Introduction: ECLS is used frequently as a rescue therapy for patients with respiratory failure unresponsive to conventional modes of therapy. Several agents are common pediatric viral pathogens which can cause severe respiratory distress including obliterative bronchiolitis and necrotizing pneumonia. We report our experience with pneumonitis secondary to confirmed viral agents.

Methods: We reviewed our cases from May 1985 through December 1995. A total of 332 patients (excluding cardiac patients) had undergone ECLS and ten patients were diagnosed with viral pneumonia. Method of diagnosis included nasopharyngeal (9) and rectal swabs (1) and monoclonal antibody testing. Data obtained included age, weight, sex, method of diagnosis, duration of ECLS, length of hospitalization, oxygenation index, outcome and neurological status.
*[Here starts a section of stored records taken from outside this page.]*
Lemma lip_norm_dist f x y : lipschitz_map f ->
  `|f x - f y| <= lip_norm f * mdist x y.
Proof.
move=> [L fL]; have [->|xy] := eqVneq x y.
  by rewrite subrr normr0 mdistxx mulr0.
rewrite -ler_pdivrMr ?mdist_gt0 //.
by apply: ub_le_sup; [exists L; apply: lip_ratios_ub | exists (x, y)].
Qed.

Lemma lip_ratio_le_norm f x y : lipschitz_map f -> x != y ->
  `|f x - f y| / mdist x y <= lip_norm f.
Proof. by move=> fL xy; rewrite ler_pdivrMr ?mdist_gt0 // lip_norm_dist. Qed.

Variable x0 : M.
Local Notation Z := (Lip0 (X := X) x0).
Local Notation ball := (sub_ball Z lip_norm).

Lemma Lip0_0 : Z 0.
Proof. by split => //; exists 0 => x y /=; rewrite subrr normr0 mul0r. Qed.

Lemma Lip0_lin a b f g : Z f -> Z g -> Z (a *: f + b *: g).
Proof.
move=> [[Lf fL] f0] [[Lg gL] g0]; split; last first.
  by change (a *: f x0 + b *: g x0 = 0); rewrite f0 g0 !scaler0 addr0.
exists (`|a| * Lf + `|b| * Lg) => x y.
change (`|a *: f x + b *: g x - (a *: f y + b *: g y)| <=
        (`|a| * Lf + `|b| * Lg) * mdist x y).
rewrite opprD addrACA -!scalerBr mulrDl.
apply: le_trans (ler_normD _ _) _; apply: lerD;
  by rewrite normrZ -mulrA ler_wpM2l.
Qed.

Lemma Lip0_sum (I : Type) (s : seq I) (c : I -> R) (g : I -> M -> X) :
  (forall n, Z (g n)) -> Z (\sum_(n <- s) c n *: g n).
Proof.
move=> Zg; elim: s => [|n s Zs]; first by rewrite big_nil; exact: Lip0_0.
by rewrite big_cons -[X in _ + X]scale1r; apply: Lip0_lin.
Qed.

Lemma ball_lip1 g : ball g -> forall x y, `|g x - g y| <= mdist x y.
Proof.
move=> [[gL _] g1] x y; apply: le_trans (lip_norm_dist x y gL) _.
exact: ler_piMl (mdist_ge0 x y) g1.
Qed.

Lemma lip1_ball g : Z g -> (forall x y, `|g x - g y| <= mdist x y) -> ball g.
Proof.
move=> Zg g1; split => //; apply: lip_norm_le => [x y|//].
by rewrite mul1r.
Qed.

Lemma ball0 : ball 0.
Proof.
by apply: lip1_ball Lip0_0 _ => x y; rewrite subrr normr0 mdist_ge0.
Qed.

Lemma ballN g : ball g -> ball ((-1) *: g).
Proof.
move=> g_ball; have := Lip0_lin (-1) 0 g_ball.1 g_ball.1.
rewrite scale0r addr0 => Zg; apply: lip1_ball Zg _ => x y /=.
by rewrite !scaleN1r -opprD normrN ball_lip1.
Qed.

End LipNorm.

Section DisjointSupports.
Context {R : realType} {M : metricType R} {X : normedModType R}.
Variables (K : nat) (t : 'I_K -> M) (r L : R) (g : 'I_K -> M -> X).
Hypotheses (L_ge0 : 0 <= L)
  (t_sep : forall n m, n != m -> 2 * r <= mdist (t n) (t m))
  (g_supp : forall n z, r <= mdist (t n) z -> g n z = 0)
  (g_lip : forall n a b, `|g n a - g n b| <= L * mdist a b).

Lemma disjoint_sum_at n z : mdist (t n) z < r ->
  forall c : 'I_K -> R, \sum_m c m *: g m z = c n *: g n z.
Proof.
move=> tz c; rewrite (bigD1 n) //= big1 ?addr0 // => m mn.
rewrite g_supp ?scaler0 // leNgt; apply/negP => tmz.
have := t_sep mn; rewrite leNgt => /negP; apply.
apply: le_lt_trans (metric_triangle _ z _) _.
rewrite [mdist z _]metric_sym; have := ltrD tmz tz; lra.
Qed.

Lemma disjoint_sum_lip (c : 'I_K -> R) : (forall n, `|c n| <= 1) ->
  forall a b, `|(\sum_n c n *: g n) a - (\sum_n c n *: g n) b| <= 2 * L * mdist a b.
Proof.
move=> c1 a b; rewrite !fct_sumE.
have one_sided z w : ~ (exists n, mdist (t n) z < r /\ mdist (t n) w < r) ->
    `|\sum_m c m *: g m z| <= L * mdist z w.
  move=> apart; have [[n tz]|far] := pselect (exists n, mdist (t n) z < r).
    rewrite (disjoint_sum_at tz) normrZ.
    have gw : g n w = 0.
      by apply: g_supp; rewrite leNgt; apply/negP => tw; apply: apart; exists n.
    apply: le_trans (g_lip n z w); rewrite gw subr0.
    exact: ler_piMl.
  rewrite big1 ?normr0 ?mulr_ge0 ?mdist_ge0 // => n _.
  by rewrite g_supp ?scaler0 // leNgt; apply/negP => tz; apply: far; exists n.
have [[n [ta tb]]|apart] :=
  pselect (exists n, mdist (t n) a < r /\ mdist (t n) b < r).
  rewrite (disjoint_sum_at ta) (disjoint_sum_at tb) -scalerBr normrZ.
  apply: le_trans (ler_piMl (normr_ge0 _) (c1 n)) _.
  apply: le_trans (g_lip n a b) _; rewrite -mulrA.
  by apply: ler_peMl; rewrite ?mulr_ge0 ?mdist_ge0 ?ler1n.
apply: le_trans (ler_normB _ _) _.
rewrite mulr2n !mulrDl mul1r; apply: lerD; first exact: one_sided.
by rewrite metric_sym; apply: one_sided => -[n [tb ta]]; apply: apart; exists n.
Qed.

End DisjointSupports.

Section DualFunctional.
Context {R : realType} {M : metricType R} {X : normedModType R} (x0 : M).
Local Notation Z := (Lip0 (X := X) x0).
Local Notation ball := (sub_ball Z lip_norm).
Variable f : (M -> X) -> R.
Hypothesis f_dual : sub_dual Z lip_norm f.

Lemma dual0 : f 0 = 0.
Proof.
have := f_dual.1 0 0 0 0 (Lip0_0 x0) (Lip0_0 x0).
by rewrite !scaler0 addr0 !mul0r addr0.
Qed.

Lemma dual_sum (I : Type) (s : seq I) (c : I -> R) (g : I -> M -> X) :
  (forall n, Z (g n)) -> f (\sum_(n <- s) c n *: g n) = \sum_(n <- s) c n * f (g n).
Proof.
move=> Zg; elim: s => [|n s IHs]; first by rewrite !big_nil dual0.
rewrite !big_cons -[X in _ + X]scale1r f_dual.1 //; last exact: Lip0_sum.
by rewrite IHs mul1r.
Qed.

Lemma dual_le_norm z : ball z -> f z <= sub_dual_norm Z lip_norm f.
Proof.
move=> z_ball; have [_ [C fC]] := f_dual.
apply: le_trans (ler_norm _) _; apply: ub_le_sup; last by exists z.
exists `|C| => _ [w [Zw w1] <-]; apply: le_trans (fC w Zw) _.
have w_ge0 : 0 <= lip_norm w by apply: lip_norm_ge0; case: Zw.
apply: le_trans (ler_wpM2r w_ge0 (ler_norm C)) _.
by rewrite ler_piMr.
Qed.

Lemma dual_norming a : sub_dual_norm Z lip_norm f = 1 -> 0 < a ->
  exists y, ball y /\ 1 - a < f y.
Proof.
move=> f1 a_gt0.
have ne : [set `|f z| | z in ball] !=set0 by exists `|f 0|, 0; first exact: ball0.
have : 1 - a < sub_dual_norm Z lip_norm f by rewrite f1 ltrBlDr ltrDl.
move=> /(sup_gt ne) [_ [z z_ball <-] fz].
have [fz_ge0|fz_lt0] := leP 0 (f z).
  by exists z; rewrite -(ger0_norm fz_ge0).
exists ((-1) *: z); split; first exact: ballN.
have := f_dual.1 (-1) 0 z z z_ball.1 z_ball.1.
by rewrite scale0r addr0 mul0r addr0 mulN1r => ->; rewrite -(ltr0_norm fz_lt0).
Qed.

(* Choosing the signs c n := sg (f (g n)) turns the sum of the |f (g n)| into
   the value of f at a single function of norm at most B. *)
Lemma dual_sum_abs_le : exists C, 0 <= C /\ forall K (g : 'I_K -> M -> X) B,
  (forall n, Z (g n)) ->
  (forall c : 'I_K -> R, (forall n, `|c n| <= 1) -> lip_norm (\sum_n c n *: g n) <= B) ->
  \sum_n `|f (g n)| <= C * B.
Proof.
have [_ [C fC]] := f_dual; exists `|C|; split => // K g B Zg gB.
pose c n := Num.sg (f (g n)).
have Zsum : Z (\sum_n c n *: g n) by apply: Lip0_sum.
have -> : \sum_n `|f (g n)| = f (\sum_n c n *: g n).
  by rewrite dual_sum //; apply: eq_bigr => n _; rewrite normrEsg.
have sum_ge0 : 0 <= lip_norm (\sum_n c n *: g n) by apply: lip_norm_ge0; case: Zsum.
apply: le_trans (ler_norm _) _; apply: le_trans (fC _ Zsum) _.
apply: le_trans (ler_wpM2r sum_ge0 (ler_norm C)) _; apply: ler_wpM2l => //.
by apply: gB => n; rewrite normr_sg; case: (_ != 0).
Qed.

Lemma dual_disjoint_sum_le : exists C, 0 <= C /\
  forall K (t : 'I_K -> M) r L (g : 'I_K -> M -> X), 0 <= L ->
  (forall n m, n != m -> 2 * r <= mdist (t n) (t m)) ->
  (forall n z, r <= mdist (t n) z -> g n z = 0) ->
  (forall n a b, `|g n a - g n b| <= L * mdist a b) ->
  (forall n, Z (g n)) ->
  \sum_n `|f (g n)| <= C * (2 * L).
Proof.
have [C [C_ge0 fC]] := dual_sum_abs_le; exists C; split => // K t r L g.
move=> L_ge0 t_sep g_supp g_lip Zg.
apply: fC => // c c1; apply: lip_norm_le; last by rewrite mulr_ge0.
move=> a b; exact: (disjoint_sum_lip L_ge0 t_sep g_supp g_lip c1).
Qed.

End DualFunctional.

Section RealFacts.
Context {R : realType}.

(* The truncation of [v] to [0, 1], written so that it is visibly 1-Lipschitz. *)
Definition clamp01 (v : R) := (`|v| - `|v - 1| + 1) / 2.

Lemma clamp01_bound (v : R) : -1 <= `|v| - `|v - 1| <= 1.
Proof.
have := ler_dist_dist v (v - 1).
by rewrite opprB addrCA subrr addr0 normr1 ler_norml.
Qed.

Lemma clamp01_ge0 v : 0 <= clamp01 v.
Proof. by have /andP[] := clamp01_bound v; rewrite /clamp01; lra. Qed.

Lemma clamp01_le1 v : clamp01 v <= 1.
Proof. by have /andP[] := clamp01_bound v; rewrite /clamp01; lra. Qed.

Lemma clamp01_ge1 v : 1 <= v -> clamp01 v = 1.
Proof. by move=> v_ge1; rewrite /clamp01 !ger0_norm; lra. Qed.

Lemma clamp01_le0 v : v <= 0 -> clamp01 v = 0.
Proof. by move=> v_le0; rewrite /clamp01 !ler0_norm; lra. Qed.

Lemma clamp01_lip (u v : R) : `|clamp01 u - clamp01 v| <= `|u - v|.
Proof.
have -> : clamp01 u - clamp01 v = ((`|u| - `|v|) - (`|u - 1| - `|v - 1|)) / 2.
  by rewrite /clamp01; field.
rewrite normrM [`|2^-1|]ger0_norm ?invr_ge0 ?ler0n //.
have := ler_dist_dist u v; have := ler_dist_dist (u - 1) (v - 1).
rewrite (_ : u - 1 - (v - 1) = u - v); last by ring.
have := ler_normB (`|u| - `|v|) (`|u - 1| - `|v - 1|); lra.
Qed.

Lemma maxr_subr_le (x y r : R) : Num.max x r - Num.max y r <= `|x - y|.
Proof.
rewrite !maxEle; have := ler_norm (x - y); have := ler_norm (y - x); rewrite distrC.
by case: (lerP x r); case: (lerP y r) => ? ? ? ?; lra.
Qed.

Lemma exists_pos_lb (I : finType) (a : I -> R) : (forall i, 0 < a i) ->
  exists2 d, 0 < d & forall i, d <= a i.
Proof.
move=> a_gt0; have sum_ge0 : 0 <= \sum_i (a i)^-1.
  by apply: sumr_ge0 => i _; rewrite invr_ge0 ltW.
exists (1 + \sum_i (a i)^-1)^-1 => [|i]; first by rewrite invr_gt0 ltr_pwDl.
rewrite -[a i]invrK lef_pV2 ?posrE ?invr_gt0 ?ltr_pwDl //.
rewrite (bigD1 i) //= addrCA lerDl addr_ge0 //.
by apply: sumr_ge0 => j _; rewrite invr_ge0 ltW.
Qed.

Lemma exists_lt_of_sum_lt (K : nat) (a : 'I_K -> R) (eta : R) :
  \sum_n a n < K%:R * eta -> exists n, a n < eta.
Proof.
move=> sum_lt; apply: contrapT => no_small.
suff : K%:R * eta <= \sum_n a n by rewrite leNgt sum_lt.
rewrite mulr_natl -{1}(card_ord K) -sumr_const; apply: ler_sum => n _.
by rewrite leNgt; apply/negP => an; apply: no_small; exists n.
Qed.

Lemma ler_sum_term (I : finType) (a : I -> R) i : (forall j, 0 <= a j) ->
  a i <= \sum_j a j.
Proof.
by move=> a_ge0; rewrite (bigD1 i) //= lerDl sumr_ge0.
Qed.

End RealFacts.

Lemma infinite_set_inj_ord {T : choiceType} (A : set T) (p : T) (K : nat) :
  infinite_set A -> exists2 t : 'I_K -> T, forall n, A (t n) & injective t.
Proof.
move=> /(infinite_set_fset K) [B BA B_ge].
have ltB (n : 'I_K) : (n < size (finmap.enum_fset B))%N := leq_trans (ltn_ord n) B_ge.
exists (fun n => nth p (finmap.enum_fset B) n) => [n|n m /eqP].
  by apply: BA; apply: mem_nth.
by rewrite nth_uniq ?finmap.fset_uniq // => /eqP/val_inj.
Qed.

Section Construction.
Context {R : realType} {M : metricType R} {X : normedModType R}.
Variables (t : M) (e : X) (r del : R).
Hypotheses (r_gt0 : 0 < r) (del_gt0 : 0 < del) (del_le1 : del <= 1)
  (e_unit : `|e| = 1).

Definition inner_radius := r * expR (- (2 / del)).
(* Small enough for the tent to fit into the slack del / 2 of the Lipschitz
   constant of [flatten y] (see [flatten_tent_lip_ordered]). *)
Definition tent_radius := del * inner_radius / 2.
Definition dist_floor z := Num.max (mdist t z) inner_radius.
Results: Diagnoses included: Parainfluenza type 2 (1); Adenovirus (2); Herpes simplex type 2 (2); Respiratory Syncytial Virus (RSV)(4); Enterovirus (1). Age ranged from 1 day to 120 days. Seven infants were male and three female.

Survival: Adenovirus (0); Parainfluenza (1); RSV (3); Herpes (1); Enterovirus (0). Table

Table 1

Conclusion: Only 3 out of 4 infants with RSV pneumonia survived. Neither of our patients with adenovirus survived and both infants developed multiple organ failure. Apart from the type of viral agent and the development of multi-organ failure, we were unable to identify any predictors of survival. Overall survival data corroborates the ELSO registry data which indicates that only 102 out of 200 (51%) of infants with viral pneumonia survive.